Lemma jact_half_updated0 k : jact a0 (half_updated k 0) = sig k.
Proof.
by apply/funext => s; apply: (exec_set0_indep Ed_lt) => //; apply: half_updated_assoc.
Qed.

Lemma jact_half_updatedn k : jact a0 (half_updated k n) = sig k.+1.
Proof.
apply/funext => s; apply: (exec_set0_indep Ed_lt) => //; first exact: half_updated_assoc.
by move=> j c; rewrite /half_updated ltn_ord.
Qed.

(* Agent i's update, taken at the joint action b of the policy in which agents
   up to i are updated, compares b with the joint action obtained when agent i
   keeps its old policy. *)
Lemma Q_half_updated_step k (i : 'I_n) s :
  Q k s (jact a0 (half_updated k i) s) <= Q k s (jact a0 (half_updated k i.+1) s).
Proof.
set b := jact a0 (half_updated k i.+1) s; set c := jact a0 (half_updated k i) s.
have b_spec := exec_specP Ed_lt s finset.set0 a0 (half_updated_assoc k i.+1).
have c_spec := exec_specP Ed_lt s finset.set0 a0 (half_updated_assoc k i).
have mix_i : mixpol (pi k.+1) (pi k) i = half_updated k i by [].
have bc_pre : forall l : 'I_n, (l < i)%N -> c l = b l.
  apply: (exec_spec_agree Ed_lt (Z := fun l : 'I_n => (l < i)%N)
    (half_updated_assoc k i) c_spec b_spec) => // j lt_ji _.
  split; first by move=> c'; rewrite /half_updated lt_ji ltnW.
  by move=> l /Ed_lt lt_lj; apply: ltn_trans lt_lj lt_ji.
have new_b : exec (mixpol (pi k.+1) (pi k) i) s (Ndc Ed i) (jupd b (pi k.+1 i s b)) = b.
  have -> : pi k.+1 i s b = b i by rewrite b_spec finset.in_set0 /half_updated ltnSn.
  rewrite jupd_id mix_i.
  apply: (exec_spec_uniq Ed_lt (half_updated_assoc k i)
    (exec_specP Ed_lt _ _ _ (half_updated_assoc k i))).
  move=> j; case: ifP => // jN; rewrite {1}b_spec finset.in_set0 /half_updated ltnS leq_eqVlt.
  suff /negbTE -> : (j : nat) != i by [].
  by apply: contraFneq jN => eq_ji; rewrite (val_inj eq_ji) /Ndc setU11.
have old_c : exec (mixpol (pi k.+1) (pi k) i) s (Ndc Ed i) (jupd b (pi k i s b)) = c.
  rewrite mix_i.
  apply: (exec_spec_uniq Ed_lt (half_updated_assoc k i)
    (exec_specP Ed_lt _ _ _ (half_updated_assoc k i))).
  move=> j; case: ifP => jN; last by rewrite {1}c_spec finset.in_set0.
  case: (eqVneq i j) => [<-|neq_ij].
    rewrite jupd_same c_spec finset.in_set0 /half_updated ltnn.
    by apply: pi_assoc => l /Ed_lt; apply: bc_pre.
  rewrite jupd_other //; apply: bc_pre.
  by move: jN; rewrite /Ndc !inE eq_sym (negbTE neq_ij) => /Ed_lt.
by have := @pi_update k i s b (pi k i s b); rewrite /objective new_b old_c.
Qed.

======

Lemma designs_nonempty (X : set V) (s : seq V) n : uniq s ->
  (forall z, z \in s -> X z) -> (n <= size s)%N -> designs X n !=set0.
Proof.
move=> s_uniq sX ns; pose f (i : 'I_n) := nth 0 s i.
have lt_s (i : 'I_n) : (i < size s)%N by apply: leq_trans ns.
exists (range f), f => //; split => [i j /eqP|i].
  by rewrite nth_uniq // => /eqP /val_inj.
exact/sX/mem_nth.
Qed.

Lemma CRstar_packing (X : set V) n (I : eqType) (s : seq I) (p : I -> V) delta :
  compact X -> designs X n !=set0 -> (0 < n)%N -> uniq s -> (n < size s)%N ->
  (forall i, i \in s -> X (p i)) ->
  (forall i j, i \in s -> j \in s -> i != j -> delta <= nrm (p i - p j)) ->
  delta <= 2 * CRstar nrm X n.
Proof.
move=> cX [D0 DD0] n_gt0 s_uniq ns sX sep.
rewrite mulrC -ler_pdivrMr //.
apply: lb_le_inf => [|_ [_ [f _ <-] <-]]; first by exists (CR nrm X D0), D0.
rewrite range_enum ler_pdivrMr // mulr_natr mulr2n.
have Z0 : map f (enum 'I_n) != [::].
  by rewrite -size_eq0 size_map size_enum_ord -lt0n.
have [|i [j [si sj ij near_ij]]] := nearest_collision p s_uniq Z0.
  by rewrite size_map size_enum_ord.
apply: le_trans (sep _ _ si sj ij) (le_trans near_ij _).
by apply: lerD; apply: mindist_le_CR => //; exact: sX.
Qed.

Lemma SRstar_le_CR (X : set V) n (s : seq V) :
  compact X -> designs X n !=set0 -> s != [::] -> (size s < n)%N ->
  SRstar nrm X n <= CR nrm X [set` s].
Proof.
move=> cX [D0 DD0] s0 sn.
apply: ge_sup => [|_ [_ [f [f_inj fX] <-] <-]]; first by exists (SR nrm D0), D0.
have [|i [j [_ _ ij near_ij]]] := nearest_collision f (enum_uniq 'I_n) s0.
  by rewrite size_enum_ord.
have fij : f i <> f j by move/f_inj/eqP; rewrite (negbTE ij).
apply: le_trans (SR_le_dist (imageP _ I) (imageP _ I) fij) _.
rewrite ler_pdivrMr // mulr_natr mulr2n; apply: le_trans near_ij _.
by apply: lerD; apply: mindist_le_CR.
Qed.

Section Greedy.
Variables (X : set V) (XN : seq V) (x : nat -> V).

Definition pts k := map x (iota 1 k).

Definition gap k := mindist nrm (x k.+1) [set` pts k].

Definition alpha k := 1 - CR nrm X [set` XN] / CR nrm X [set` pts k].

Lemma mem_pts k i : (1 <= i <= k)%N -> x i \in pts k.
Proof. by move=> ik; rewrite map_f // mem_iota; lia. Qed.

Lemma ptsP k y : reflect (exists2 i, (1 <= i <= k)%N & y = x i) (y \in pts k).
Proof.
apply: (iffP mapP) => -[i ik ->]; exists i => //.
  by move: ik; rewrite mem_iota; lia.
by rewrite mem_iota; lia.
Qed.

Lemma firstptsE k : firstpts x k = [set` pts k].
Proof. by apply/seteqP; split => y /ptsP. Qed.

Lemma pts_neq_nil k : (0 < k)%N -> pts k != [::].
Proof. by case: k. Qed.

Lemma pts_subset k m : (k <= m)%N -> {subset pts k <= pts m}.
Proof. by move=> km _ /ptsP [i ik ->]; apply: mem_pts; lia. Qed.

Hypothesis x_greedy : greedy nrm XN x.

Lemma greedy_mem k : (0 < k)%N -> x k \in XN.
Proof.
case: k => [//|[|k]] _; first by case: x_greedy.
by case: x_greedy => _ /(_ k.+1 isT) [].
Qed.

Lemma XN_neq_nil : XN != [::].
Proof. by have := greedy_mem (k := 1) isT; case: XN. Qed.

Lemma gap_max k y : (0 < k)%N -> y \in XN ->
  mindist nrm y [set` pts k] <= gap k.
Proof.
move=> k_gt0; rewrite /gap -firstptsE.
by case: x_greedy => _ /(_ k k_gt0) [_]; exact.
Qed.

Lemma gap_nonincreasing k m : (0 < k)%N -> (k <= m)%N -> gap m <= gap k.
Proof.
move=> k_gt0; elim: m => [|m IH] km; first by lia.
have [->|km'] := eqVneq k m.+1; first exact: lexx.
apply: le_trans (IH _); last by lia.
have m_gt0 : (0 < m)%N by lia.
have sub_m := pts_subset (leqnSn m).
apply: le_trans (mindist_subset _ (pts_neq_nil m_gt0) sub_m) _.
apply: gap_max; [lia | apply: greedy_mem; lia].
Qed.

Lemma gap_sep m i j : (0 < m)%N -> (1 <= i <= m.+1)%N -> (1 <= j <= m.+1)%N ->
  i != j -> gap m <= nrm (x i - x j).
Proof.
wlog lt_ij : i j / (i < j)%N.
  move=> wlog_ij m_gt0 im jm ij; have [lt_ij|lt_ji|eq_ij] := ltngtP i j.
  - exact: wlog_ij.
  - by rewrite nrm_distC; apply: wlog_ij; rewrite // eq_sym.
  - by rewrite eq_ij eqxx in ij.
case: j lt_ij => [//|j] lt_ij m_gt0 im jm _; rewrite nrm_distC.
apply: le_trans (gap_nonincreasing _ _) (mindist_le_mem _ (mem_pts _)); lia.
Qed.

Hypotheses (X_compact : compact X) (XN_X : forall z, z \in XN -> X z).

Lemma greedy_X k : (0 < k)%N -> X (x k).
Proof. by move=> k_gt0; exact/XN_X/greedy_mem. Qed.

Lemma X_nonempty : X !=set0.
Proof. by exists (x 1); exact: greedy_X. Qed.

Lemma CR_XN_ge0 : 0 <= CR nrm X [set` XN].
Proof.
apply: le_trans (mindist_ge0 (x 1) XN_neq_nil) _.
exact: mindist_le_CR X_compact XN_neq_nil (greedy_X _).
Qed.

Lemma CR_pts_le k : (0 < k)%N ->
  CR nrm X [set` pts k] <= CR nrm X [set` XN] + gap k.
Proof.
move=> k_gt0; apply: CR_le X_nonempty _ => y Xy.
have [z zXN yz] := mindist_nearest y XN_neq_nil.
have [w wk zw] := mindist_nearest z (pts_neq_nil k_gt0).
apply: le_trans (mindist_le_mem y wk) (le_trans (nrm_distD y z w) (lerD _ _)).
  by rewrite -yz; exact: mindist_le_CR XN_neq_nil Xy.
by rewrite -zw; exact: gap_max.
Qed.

======

EXERCISE REQUIREMENTS: What is the number of lines in the data holding the word "Definition"? Reply with that number only.

RESULT OF THE EXERCISE: 3